Required action
Below is a set of records. Repeat all of them exactly.

Data
[Start of Attachment]

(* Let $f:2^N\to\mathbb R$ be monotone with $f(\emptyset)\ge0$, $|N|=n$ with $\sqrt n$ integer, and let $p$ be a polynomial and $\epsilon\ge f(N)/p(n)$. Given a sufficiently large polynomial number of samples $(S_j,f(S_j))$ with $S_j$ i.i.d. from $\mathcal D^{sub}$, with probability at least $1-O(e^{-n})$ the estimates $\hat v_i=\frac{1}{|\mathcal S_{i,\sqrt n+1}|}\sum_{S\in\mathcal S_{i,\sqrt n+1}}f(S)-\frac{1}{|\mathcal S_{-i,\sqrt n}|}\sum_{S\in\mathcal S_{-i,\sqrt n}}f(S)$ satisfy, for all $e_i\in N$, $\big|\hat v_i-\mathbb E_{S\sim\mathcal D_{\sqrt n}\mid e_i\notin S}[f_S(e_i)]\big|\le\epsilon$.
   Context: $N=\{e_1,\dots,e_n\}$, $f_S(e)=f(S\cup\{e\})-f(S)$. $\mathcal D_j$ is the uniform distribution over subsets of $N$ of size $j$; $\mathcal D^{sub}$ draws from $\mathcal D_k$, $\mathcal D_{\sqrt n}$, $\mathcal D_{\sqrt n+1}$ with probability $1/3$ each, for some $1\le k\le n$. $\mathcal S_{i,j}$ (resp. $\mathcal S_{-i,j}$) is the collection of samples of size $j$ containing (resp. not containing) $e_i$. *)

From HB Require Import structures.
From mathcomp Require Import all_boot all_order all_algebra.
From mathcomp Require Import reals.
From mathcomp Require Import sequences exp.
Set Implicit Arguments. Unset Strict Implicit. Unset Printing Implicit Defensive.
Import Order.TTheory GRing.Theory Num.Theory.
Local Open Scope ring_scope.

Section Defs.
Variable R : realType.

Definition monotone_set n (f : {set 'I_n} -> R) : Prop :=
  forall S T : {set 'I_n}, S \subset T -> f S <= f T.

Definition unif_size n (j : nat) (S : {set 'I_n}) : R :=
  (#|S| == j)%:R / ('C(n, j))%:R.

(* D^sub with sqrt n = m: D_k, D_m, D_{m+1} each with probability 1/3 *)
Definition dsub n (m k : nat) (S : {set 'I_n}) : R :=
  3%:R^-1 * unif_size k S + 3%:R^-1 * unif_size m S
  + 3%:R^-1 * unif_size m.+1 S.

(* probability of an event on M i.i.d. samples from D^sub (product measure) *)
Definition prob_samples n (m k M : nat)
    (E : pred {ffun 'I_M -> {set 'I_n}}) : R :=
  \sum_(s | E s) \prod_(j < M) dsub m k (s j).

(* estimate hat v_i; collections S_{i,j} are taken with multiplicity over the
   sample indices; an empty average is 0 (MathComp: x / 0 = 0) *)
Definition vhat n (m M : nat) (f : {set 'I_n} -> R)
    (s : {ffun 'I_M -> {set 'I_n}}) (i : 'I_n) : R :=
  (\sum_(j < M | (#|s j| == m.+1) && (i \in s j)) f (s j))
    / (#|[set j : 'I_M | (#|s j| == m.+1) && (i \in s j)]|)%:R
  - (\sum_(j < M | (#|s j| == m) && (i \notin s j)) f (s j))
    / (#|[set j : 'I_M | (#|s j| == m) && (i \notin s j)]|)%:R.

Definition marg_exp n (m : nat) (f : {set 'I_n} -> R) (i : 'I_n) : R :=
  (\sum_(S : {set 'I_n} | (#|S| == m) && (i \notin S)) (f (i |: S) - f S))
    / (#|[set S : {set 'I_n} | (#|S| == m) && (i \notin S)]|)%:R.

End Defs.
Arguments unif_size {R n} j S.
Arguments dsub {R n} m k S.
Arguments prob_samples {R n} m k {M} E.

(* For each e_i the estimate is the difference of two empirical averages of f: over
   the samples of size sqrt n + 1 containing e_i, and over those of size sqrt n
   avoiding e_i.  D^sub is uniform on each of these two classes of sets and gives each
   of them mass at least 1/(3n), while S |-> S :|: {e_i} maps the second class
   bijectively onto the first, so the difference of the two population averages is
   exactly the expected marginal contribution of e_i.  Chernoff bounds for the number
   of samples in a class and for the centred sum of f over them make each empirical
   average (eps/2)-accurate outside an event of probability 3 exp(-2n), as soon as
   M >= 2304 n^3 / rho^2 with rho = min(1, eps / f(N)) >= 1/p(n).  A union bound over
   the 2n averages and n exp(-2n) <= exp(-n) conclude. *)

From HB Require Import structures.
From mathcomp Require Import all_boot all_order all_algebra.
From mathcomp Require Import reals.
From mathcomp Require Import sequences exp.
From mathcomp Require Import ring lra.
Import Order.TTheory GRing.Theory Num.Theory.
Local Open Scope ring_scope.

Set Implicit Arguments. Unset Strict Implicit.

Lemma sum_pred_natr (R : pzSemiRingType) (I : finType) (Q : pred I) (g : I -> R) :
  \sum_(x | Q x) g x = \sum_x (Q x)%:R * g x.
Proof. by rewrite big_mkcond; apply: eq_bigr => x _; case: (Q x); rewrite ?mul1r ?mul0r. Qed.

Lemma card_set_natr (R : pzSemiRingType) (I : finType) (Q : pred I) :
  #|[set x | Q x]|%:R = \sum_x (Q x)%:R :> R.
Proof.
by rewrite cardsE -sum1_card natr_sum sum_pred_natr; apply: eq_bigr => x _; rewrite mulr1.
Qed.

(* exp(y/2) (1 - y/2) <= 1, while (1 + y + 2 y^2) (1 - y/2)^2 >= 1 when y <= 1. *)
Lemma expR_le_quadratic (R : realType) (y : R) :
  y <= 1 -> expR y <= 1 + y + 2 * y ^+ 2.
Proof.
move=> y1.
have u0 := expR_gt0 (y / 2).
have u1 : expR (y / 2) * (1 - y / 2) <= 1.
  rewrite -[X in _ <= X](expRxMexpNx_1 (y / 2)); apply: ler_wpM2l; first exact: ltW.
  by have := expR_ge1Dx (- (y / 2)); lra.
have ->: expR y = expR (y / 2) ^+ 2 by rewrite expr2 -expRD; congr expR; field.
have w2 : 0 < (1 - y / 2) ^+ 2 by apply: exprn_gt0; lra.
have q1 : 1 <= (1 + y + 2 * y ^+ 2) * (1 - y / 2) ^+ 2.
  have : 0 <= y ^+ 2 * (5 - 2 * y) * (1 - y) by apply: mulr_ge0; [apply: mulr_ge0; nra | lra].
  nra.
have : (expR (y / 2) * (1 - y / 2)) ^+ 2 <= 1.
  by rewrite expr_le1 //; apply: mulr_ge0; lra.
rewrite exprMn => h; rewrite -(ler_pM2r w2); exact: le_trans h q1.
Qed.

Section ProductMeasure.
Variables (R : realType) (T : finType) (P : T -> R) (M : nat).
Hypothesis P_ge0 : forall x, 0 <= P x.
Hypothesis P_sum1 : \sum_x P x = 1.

[End of Attachment]

Solved problem
(* Let $f:2^N\to\mathbb R$ be monotone with $f(\emptyset)\ge0$, $|N|=n$ with $\sqrt n$ integer, and let $p$ be a polynomial and $\epsilon\ge f(N)/p(n)$. Given a sufficiently large polynomial number of samples $(S_j,f(S_j))$ with $S_j$ i.i.d. from $\mathcal D^{sub}$, with probability at least $1-O(e^{-n})$ the estimates $\hat v_i=\frac{1}{|\mathcal S_{i,\sqrt n+1}|}\sum_{S\in\mathcal S_{i,\sqrt n+1}}f(S)-\frac{1}{|\mathcal S_{-i,\sqrt n}|}\sum_{S\in\mathcal S_{-i,\sqrt n}}f(S)$ satisfy, for all $e_i\in N$, $\big|\hat v_i-\mathbb E_{S\sim\mathcal D_{\sqrt n}\mid e_i\notin S}[f_S(e_i)]\big|\le\epsilon$.
   Context: $N=\{e_1,\dots,e_n\}$, $f_S(e)=f(S\cup\{e\})-f(S)$. $\mathcal D_j$ is the uniform distribution over subsets of $N$ of size $j$; $\mathcal D^{sub}$ draws from $\mathcal D_k$, $\mathcal D_{\sqrt n}$, $\mathcal D_{\sqrt n+1}$ with probability $1/3$ each, for some $1\le k\le n$. $\mathcal S_{i,j}$ (resp. $\mathcal S_{-i,j}$) is the collection of samples of size $j$ containing (resp. not containing) $e_i$. *)

From HB Require Import structures.
From mathcomp Require Import all_boot all_order all_algebra.
From mathcomp Require Import reals.
From mathcomp Require Import sequences exp.
Set Implicit Arguments. Unset Strict Implicit. Unset Printing Implicit Defensive.
Import Order.TTheory GRing.Theory Num.Theory.
Local Open Scope ring_scope.

Section Defs.
Variable R : realType.

Definition monotone_set n (f : {set 'I_n} -> R) : Prop :=
  forall S T : {set 'I_n}, S \subset T -> f S <= f T.

Definition unif_size n (j : nat) (S : {set 'I_n}) : R :=
  (#|S| == j)%:R / ('C(n, j))%:R.

(* D^sub with sqrt n = m: D_k, D_m, D_{m+1} each with probability 1/3 *)
Definition dsub n (m k : nat) (S : {set 'I_n}) : R :=
  3%:R^-1 * unif_size k S + 3%:R^-1 * unif_size m S
  + 3%:R^-1 * unif_size m.+1 S.

(* probability of an event on M i.i.d. samples from D^sub (product measure) *)
Definition prob_samples n (m k M : nat)
    (E : pred {ffun 'I_M -> {set 'I_n}}) : R :=
  \sum_(s | E s) \prod_(j < M) dsub m k (s j).

(* estimate hat v_i; collections S_{i,j} are taken with multiplicity over the
   sample indices; an empty average is 0 (MathComp: x / 0 = 0) *)
Definition vhat n (m M : nat) (f : {set 'I_n} -> R)
    (s : {ffun 'I_M -> {set 'I_n}}) (i : 'I_n) : R :=
  (\sum_(j < M | (#|s j| == m.+1) && (i \in s j)) f (s j))
    / (#|[set j : 'I_M | (#|s j| == m.+1) && (i \in s j)]|)%:R
  - (\sum_(j < M | (#|s j| == m) && (i \notin s j)) f (s j))
    / (#|[set j : 'I_M | (#|s j| == m) && (i \notin s j)]|)%:R.

Definition marg_exp n (m : nat) (f : {set 'I_n} -> R) (i : 'I_n) : R :=
  (\sum_(S : {set 'I_n} | (#|S| == m) && (i \notin S)) (f (i |: S) - f S))
    / (#|[set S : {set 'I_n} | (#|S| == m) && (i \notin S)]|)%:R.

End Defs.
Arguments unif_size {R n} j S.
Arguments dsub {R n} m k S.
Arguments prob_samples {R n} m k {M} E.

(* For each e_i the estimate is the difference of two empirical averages of f: over
   the samples of size sqrt n + 1 containing e_i, and over those of size sqrt n
   avoiding e_i.  D^sub is uniform on each of these two classes of sets and gives each
   of them mass at least 1/(3n), while S |-> S :|: {e_i} maps the second class
   bijectively onto the first, so the difference of the two population averages is
   exactly the expected marginal contribution of e_i.  Chernoff bounds for the number
   of samples in a class and for the centred sum of f over them make each empirical
   average (eps/2)-accurate outside an event of probability 3 exp(-2n), as soon as
   M >= 2304 n^3 / rho^2 with rho = min(1, eps / f(N)) >= 1/p(n).  A union bound over
   the 2n averages and n exp(-2n) <= exp(-n) conclude. *)

From HB Require Import structures.
From mathcomp Require Import all_boot all_order all_algebra.
From mathcomp Require Import reals.
From mathcomp Require Import sequences exp.
From mathcomp Require Import ring lra.
Import Order.TTheory GRing.Theory Num.Theory.
Local Open Scope ring_scope.

Set Implicit Arguments. Unset Strict Implicit.

Lemma sum_pred_natr (R : pzSemiRingType) (I : finType) (Q : pred I) (g : I -> R) :
  \sum_(x | Q x) g x = \sum_x (Q x)%:R * g x.
Proof. by rewrite big_mkcond; apply: eq_bigr => x _; case: (Q x); rewrite ?mul1r ?mul0r. Qed.

Lemma card_set_natr (R : pzSemiRingType) (I : finType) (Q : pred I) :
  #|[set x | Q x]|%:R = \sum_x (Q x)%:R :> R.
Proof.
by rewrite cardsE -sum1_card natr_sum sum_pred_natr; apply: eq_bigr => x _; rewrite mulr1.
Qed.

(* exp(y/2) (1 - y/2) <= 1, while (1 + y + 2 y^2) (1 - y/2)^2 >= 1 when y <= 1. *)
Lemma expR_le_quadratic (R : realType) (y : R) :
  y <= 1 -> expR y <= 1 + y + 2 * y ^+ 2.
Proof.
move=> y1.
have u0 := expR_gt0 (y / 2).
have u1 : expR (y / 2) * (1 - y / 2) <= 1.
  rewrite -[X in _ <= X](expRxMexpNx_1 (y / 2)); apply: ler_wpM2l; first exact: ltW.
  by have := expR_ge1Dx (- (y / 2)); lra.
have ->: expR y = expR (y / 2) ^+ 2 by rewrite expr2 -expRD; congr expR; field.
have w2 : 0 < (1 - y / 2) ^+ 2 by apply: exprn_gt0; lra.
have q1 : 1 <= (1 + y + 2 * y ^+ 2) * (1 - y / 2) ^+ 2.
  have : 0 <= y ^+ 2 * (5 - 2 * y) * (1 - y) by apply: mulr_ge0; [apply: mulr_ge0; nra | lra].
  nra.
have : (expR (y / 2) * (1 - y / 2)) ^+ 2 <= 1.
  by rewrite expr_le1 //; apply: mulr_ge0; lra.
rewrite exprMn => h; rewrite -(ler_pM2r w2); exact: le_trans h q1.
Qed.

Section ProductMeasure.
Variables (R : realType) (T : finType) (P : T -> R) (M : nat).
Hypothesis P_ge0 : forall x, 0 <= P x.
Hypothesis P_sum1 : \sum_x P x = 1.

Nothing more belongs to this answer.